Lines below containing the word "move" should be copied out.

Supplied material:
-------

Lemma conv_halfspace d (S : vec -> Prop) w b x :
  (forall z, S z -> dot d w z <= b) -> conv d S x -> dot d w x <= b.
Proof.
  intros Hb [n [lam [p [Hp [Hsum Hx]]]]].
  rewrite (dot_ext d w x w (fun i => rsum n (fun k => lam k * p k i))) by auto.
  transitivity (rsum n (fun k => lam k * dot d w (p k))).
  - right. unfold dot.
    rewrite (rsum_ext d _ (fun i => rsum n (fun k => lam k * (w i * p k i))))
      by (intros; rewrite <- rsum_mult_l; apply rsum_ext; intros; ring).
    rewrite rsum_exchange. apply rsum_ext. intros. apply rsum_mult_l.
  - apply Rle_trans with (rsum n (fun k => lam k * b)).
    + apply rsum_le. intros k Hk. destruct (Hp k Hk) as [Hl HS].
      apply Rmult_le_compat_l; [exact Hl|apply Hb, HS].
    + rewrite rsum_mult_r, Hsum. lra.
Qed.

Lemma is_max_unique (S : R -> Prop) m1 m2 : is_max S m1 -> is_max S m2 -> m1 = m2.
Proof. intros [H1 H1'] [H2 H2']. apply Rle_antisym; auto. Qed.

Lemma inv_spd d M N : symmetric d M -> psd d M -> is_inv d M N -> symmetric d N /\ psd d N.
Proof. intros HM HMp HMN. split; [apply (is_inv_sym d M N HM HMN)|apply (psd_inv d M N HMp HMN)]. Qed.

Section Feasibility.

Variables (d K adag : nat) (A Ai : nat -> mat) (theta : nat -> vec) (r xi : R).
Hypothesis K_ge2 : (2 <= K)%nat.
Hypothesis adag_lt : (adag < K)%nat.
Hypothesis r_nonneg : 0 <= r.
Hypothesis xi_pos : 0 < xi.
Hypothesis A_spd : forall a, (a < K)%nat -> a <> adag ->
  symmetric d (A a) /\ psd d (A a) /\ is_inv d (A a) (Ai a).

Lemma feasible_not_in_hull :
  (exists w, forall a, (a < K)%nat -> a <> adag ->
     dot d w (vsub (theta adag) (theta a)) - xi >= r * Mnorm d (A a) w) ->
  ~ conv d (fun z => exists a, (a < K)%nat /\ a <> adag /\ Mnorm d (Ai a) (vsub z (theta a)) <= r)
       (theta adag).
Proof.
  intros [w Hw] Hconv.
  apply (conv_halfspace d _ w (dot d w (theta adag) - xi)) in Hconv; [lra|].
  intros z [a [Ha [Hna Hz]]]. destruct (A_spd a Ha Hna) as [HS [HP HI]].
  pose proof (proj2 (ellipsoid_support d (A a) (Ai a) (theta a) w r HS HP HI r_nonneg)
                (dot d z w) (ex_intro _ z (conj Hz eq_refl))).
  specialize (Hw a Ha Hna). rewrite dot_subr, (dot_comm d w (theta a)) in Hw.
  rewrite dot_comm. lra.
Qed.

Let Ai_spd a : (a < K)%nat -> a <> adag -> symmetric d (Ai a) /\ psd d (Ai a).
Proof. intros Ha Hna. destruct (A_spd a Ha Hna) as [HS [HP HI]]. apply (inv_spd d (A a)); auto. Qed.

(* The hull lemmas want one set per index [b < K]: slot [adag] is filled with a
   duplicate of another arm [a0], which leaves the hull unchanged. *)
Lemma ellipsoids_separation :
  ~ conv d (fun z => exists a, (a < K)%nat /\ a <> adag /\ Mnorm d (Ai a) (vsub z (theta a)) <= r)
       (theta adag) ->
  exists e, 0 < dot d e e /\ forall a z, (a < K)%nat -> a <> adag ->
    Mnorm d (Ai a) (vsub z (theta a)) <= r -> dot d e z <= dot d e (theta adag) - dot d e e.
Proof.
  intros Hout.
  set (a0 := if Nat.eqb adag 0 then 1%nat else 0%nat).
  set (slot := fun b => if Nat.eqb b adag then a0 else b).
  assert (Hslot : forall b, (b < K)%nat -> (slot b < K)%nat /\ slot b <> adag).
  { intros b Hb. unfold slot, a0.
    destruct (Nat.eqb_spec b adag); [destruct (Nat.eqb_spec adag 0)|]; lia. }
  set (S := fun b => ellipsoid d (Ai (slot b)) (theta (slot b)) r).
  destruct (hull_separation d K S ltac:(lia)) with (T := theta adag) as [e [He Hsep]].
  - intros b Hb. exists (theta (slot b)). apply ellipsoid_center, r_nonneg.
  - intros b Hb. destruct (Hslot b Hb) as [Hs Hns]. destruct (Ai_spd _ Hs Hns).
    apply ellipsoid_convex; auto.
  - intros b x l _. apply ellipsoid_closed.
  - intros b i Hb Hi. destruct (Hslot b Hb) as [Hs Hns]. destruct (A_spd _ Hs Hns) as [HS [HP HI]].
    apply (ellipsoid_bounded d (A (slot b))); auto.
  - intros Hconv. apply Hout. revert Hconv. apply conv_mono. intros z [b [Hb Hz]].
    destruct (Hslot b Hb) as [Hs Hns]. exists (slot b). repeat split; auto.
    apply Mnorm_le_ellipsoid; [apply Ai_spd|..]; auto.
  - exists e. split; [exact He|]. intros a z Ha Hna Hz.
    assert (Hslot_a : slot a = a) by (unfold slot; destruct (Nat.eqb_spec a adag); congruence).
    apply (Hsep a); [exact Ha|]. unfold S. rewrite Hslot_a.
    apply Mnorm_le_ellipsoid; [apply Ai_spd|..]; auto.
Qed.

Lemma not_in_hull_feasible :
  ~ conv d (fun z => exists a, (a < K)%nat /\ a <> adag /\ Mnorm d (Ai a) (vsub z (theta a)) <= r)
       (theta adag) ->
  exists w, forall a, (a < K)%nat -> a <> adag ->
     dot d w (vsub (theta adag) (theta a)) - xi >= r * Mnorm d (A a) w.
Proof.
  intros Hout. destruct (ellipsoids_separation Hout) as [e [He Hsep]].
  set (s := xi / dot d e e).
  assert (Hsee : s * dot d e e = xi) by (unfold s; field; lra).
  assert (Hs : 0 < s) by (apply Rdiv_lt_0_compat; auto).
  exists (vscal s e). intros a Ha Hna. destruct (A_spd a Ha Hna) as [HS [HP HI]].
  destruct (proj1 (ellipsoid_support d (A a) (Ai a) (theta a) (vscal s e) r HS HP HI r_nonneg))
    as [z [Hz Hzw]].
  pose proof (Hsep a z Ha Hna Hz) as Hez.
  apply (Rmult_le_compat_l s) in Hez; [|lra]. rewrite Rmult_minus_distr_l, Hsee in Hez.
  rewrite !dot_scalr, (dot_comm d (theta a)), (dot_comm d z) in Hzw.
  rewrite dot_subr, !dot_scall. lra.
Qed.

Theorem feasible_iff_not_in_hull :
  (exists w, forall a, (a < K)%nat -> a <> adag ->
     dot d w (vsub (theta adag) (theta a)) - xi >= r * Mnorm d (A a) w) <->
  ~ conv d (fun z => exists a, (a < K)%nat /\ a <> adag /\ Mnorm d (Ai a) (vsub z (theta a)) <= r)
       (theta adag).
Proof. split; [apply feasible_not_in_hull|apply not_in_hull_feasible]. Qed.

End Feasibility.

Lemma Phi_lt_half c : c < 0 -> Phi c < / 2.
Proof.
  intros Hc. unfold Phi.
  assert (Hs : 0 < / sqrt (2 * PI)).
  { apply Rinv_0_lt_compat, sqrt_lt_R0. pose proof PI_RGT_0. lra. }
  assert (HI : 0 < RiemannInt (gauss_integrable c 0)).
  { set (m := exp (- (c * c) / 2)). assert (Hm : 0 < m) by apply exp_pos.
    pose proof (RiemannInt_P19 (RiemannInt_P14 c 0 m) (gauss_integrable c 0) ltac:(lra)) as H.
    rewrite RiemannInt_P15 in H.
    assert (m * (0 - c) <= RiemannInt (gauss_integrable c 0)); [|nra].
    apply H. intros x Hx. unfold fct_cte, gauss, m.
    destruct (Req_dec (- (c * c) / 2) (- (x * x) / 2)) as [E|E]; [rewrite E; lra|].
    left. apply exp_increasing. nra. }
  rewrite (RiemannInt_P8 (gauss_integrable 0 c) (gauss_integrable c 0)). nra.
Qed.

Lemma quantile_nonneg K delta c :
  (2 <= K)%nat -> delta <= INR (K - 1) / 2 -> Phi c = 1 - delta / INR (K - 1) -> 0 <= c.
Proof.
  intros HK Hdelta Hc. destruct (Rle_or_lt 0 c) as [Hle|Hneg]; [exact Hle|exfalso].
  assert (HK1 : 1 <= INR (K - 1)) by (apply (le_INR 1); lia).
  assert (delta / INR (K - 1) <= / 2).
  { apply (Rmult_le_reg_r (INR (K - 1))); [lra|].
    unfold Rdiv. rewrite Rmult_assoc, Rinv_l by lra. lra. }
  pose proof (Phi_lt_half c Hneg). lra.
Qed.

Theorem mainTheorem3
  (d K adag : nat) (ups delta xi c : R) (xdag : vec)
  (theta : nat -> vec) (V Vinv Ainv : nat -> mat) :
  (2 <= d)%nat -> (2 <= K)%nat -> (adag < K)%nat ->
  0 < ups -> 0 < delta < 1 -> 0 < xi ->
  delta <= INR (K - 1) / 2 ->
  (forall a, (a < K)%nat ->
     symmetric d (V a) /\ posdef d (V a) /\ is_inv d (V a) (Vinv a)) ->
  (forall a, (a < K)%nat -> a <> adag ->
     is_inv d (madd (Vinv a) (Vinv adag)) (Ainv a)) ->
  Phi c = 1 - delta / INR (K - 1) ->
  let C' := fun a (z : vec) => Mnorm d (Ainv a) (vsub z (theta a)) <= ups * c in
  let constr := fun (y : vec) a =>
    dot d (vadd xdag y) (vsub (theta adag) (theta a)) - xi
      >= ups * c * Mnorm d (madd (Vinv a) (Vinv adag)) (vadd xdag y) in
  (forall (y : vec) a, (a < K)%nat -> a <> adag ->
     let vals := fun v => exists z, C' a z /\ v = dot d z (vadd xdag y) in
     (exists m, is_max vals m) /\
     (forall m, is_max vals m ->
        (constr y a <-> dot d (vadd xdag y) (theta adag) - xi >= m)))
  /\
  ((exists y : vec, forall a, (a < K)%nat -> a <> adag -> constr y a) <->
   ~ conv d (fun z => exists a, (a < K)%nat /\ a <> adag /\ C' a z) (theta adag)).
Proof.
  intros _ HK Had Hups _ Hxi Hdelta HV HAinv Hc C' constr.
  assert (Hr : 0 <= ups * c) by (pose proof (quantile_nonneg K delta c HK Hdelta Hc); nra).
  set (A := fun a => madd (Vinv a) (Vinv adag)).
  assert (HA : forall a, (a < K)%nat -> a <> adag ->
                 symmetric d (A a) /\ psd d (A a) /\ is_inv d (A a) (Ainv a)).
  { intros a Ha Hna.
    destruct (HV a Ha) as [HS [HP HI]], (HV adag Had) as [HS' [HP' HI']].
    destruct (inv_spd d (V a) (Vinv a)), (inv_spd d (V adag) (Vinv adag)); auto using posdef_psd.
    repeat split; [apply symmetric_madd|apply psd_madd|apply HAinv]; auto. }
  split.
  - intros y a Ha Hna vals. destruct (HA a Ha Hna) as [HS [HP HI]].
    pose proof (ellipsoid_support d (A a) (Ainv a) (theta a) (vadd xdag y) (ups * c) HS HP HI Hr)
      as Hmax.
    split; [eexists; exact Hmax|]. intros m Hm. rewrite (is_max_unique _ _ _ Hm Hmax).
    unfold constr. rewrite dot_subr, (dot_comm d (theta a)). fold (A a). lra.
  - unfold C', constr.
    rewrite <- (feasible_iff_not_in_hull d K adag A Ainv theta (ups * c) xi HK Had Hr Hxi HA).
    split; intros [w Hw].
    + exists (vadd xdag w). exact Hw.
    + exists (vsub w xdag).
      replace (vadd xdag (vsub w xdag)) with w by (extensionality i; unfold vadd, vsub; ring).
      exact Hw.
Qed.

-------

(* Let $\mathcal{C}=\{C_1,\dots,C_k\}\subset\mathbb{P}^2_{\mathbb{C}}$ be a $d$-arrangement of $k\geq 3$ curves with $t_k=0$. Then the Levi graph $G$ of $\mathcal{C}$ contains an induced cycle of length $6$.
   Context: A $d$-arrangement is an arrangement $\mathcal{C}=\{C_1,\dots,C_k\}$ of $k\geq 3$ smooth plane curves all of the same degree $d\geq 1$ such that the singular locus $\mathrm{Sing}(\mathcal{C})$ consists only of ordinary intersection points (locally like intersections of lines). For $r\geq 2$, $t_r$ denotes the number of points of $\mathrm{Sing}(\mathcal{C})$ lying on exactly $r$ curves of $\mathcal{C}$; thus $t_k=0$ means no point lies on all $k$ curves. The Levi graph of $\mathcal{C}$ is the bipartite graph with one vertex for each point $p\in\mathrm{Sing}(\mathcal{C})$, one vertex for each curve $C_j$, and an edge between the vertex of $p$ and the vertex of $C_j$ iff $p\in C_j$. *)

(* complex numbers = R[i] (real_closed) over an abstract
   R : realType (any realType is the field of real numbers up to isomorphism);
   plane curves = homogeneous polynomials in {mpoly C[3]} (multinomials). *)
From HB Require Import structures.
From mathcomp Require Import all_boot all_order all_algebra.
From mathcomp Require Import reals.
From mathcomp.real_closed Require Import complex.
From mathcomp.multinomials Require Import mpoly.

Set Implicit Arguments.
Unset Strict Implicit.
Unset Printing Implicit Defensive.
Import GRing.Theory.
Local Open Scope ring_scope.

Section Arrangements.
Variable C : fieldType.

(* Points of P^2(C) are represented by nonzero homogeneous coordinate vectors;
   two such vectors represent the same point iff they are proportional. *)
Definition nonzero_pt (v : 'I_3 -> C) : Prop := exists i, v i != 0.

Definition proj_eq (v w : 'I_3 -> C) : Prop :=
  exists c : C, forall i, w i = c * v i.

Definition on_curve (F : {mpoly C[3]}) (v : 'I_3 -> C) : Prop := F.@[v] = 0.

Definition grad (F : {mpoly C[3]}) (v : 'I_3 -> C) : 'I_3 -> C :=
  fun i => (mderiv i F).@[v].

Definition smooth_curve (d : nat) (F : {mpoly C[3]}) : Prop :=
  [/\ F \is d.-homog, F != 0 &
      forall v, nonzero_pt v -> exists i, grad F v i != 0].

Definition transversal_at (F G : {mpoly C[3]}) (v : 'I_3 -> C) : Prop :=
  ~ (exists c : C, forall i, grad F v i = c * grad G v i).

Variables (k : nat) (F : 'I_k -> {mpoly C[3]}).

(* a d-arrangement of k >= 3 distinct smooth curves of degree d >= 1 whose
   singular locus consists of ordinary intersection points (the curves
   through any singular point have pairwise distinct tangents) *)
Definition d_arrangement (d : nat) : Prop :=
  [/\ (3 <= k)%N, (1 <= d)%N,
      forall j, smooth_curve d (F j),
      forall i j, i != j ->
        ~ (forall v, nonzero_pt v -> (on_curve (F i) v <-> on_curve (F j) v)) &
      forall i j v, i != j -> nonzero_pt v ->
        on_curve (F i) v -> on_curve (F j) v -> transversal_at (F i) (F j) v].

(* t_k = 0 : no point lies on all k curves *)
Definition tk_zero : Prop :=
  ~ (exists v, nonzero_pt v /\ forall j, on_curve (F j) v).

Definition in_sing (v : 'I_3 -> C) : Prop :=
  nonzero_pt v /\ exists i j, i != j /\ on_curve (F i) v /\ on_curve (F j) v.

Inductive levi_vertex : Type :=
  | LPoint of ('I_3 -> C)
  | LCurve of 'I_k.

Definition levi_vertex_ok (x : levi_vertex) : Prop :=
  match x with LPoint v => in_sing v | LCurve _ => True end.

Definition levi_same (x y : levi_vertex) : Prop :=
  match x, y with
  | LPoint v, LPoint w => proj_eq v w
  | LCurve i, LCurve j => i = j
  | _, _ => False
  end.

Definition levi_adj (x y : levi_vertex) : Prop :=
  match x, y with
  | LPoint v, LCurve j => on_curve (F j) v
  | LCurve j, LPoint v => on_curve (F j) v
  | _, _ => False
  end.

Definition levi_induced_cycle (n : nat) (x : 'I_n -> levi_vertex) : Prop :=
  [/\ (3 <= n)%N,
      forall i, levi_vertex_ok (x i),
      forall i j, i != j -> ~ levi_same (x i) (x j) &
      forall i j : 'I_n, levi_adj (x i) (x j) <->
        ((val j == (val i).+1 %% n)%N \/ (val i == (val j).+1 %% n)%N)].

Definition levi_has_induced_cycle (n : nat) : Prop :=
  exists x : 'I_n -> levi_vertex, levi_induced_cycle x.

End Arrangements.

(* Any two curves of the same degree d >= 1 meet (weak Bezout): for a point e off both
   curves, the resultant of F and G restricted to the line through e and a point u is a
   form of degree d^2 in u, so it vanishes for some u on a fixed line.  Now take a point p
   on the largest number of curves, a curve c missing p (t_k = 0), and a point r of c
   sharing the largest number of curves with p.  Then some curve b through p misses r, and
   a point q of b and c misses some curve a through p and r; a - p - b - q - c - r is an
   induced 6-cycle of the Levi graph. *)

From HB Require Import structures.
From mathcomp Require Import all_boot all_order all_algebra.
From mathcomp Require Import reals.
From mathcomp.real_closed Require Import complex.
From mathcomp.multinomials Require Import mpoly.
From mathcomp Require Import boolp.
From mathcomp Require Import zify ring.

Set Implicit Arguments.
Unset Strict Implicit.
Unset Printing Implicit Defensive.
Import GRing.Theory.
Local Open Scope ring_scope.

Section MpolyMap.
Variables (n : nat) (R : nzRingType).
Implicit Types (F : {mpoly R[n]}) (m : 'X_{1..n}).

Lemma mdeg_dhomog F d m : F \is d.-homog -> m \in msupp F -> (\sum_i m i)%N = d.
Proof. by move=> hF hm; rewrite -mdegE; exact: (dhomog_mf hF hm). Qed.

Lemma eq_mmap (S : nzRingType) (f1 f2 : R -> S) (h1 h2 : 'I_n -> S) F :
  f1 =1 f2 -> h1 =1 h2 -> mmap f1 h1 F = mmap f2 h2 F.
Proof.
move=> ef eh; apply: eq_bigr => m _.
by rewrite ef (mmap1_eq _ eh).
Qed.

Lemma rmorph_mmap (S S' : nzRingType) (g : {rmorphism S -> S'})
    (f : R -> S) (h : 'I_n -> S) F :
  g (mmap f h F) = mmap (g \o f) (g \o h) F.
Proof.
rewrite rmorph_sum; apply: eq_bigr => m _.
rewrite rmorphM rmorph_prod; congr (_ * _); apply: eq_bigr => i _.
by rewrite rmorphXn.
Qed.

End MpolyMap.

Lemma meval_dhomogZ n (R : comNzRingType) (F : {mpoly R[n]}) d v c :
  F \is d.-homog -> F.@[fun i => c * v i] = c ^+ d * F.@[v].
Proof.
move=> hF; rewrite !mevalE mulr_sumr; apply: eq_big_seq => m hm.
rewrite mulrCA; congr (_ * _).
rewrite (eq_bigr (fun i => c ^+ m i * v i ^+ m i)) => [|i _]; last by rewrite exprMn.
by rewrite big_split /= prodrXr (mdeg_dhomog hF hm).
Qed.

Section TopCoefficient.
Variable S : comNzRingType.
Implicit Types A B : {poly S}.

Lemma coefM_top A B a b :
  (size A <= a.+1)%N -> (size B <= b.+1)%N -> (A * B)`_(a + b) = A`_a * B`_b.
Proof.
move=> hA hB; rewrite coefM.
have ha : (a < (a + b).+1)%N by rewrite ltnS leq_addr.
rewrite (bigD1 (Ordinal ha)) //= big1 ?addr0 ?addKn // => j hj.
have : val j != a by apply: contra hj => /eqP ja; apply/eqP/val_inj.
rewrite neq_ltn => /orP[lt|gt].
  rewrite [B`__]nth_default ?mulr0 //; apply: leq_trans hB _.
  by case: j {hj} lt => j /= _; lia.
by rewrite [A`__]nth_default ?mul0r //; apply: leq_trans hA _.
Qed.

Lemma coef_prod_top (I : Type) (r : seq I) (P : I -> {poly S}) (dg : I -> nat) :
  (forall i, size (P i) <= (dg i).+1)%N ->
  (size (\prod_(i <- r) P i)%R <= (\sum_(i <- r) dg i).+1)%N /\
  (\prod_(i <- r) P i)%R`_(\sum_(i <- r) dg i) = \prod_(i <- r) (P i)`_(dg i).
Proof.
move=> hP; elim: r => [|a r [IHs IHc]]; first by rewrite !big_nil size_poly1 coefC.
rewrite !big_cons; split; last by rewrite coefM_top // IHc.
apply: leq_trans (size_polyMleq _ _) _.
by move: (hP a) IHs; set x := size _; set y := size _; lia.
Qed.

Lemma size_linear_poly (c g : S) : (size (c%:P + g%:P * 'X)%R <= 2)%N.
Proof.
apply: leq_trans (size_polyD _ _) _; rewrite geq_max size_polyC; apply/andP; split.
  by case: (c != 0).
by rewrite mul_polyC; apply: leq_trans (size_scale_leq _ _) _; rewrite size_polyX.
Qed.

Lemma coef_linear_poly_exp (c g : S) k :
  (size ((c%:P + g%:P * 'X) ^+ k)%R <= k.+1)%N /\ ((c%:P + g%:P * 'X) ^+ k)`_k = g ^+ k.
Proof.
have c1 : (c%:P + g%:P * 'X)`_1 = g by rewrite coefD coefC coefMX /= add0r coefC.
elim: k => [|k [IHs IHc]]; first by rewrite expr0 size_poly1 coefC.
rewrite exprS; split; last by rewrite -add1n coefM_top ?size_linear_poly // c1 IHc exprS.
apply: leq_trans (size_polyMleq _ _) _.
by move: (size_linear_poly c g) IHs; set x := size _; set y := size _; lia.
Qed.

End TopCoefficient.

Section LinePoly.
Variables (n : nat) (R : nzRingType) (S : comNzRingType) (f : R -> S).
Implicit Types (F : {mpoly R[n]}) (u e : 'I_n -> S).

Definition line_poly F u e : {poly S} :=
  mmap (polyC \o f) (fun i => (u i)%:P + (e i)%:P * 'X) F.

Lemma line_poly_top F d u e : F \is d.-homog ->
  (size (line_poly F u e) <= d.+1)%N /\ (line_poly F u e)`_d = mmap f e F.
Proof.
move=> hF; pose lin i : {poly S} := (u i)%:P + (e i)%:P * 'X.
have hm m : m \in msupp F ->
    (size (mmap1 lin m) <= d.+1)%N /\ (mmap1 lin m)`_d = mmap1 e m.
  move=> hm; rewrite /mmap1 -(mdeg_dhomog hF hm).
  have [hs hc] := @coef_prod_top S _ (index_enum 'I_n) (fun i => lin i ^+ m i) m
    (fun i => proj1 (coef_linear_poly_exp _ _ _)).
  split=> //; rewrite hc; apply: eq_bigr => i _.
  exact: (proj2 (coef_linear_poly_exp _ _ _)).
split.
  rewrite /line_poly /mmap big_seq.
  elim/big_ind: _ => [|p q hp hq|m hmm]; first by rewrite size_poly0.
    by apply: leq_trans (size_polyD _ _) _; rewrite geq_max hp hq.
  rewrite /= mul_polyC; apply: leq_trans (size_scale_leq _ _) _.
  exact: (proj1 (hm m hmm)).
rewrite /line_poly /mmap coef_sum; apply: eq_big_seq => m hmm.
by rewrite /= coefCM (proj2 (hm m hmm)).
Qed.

-------

Written reply:
Proof. by move=> hF hm; rewrite -mdegE; exact: (dhomog_mf hF hm). Qed.
move=> ef eh; apply: eq_bigr => m _.
move=> hF; rewrite !mevalE mulr_sumr; apply: eq_big_seq => m hm.
move=> hA hB; rewrite coefM.
move=> hP; elim: r => [|a r [IHs IHc]]; first by rewrite !big_nil size_poly1 coefC.
by move: (hP a) IHs; set x := size _; set y := size _; lia.
by move: (size_linear_poly c g) IHs; set x := size _; set y := size _; lia.
move=> hF; pose lin i : {poly S} := (u i)%:P + (e i)%:P * 'X.
  move=> hm; rewrite /mmap1 -(mdeg_dhomog hF hm).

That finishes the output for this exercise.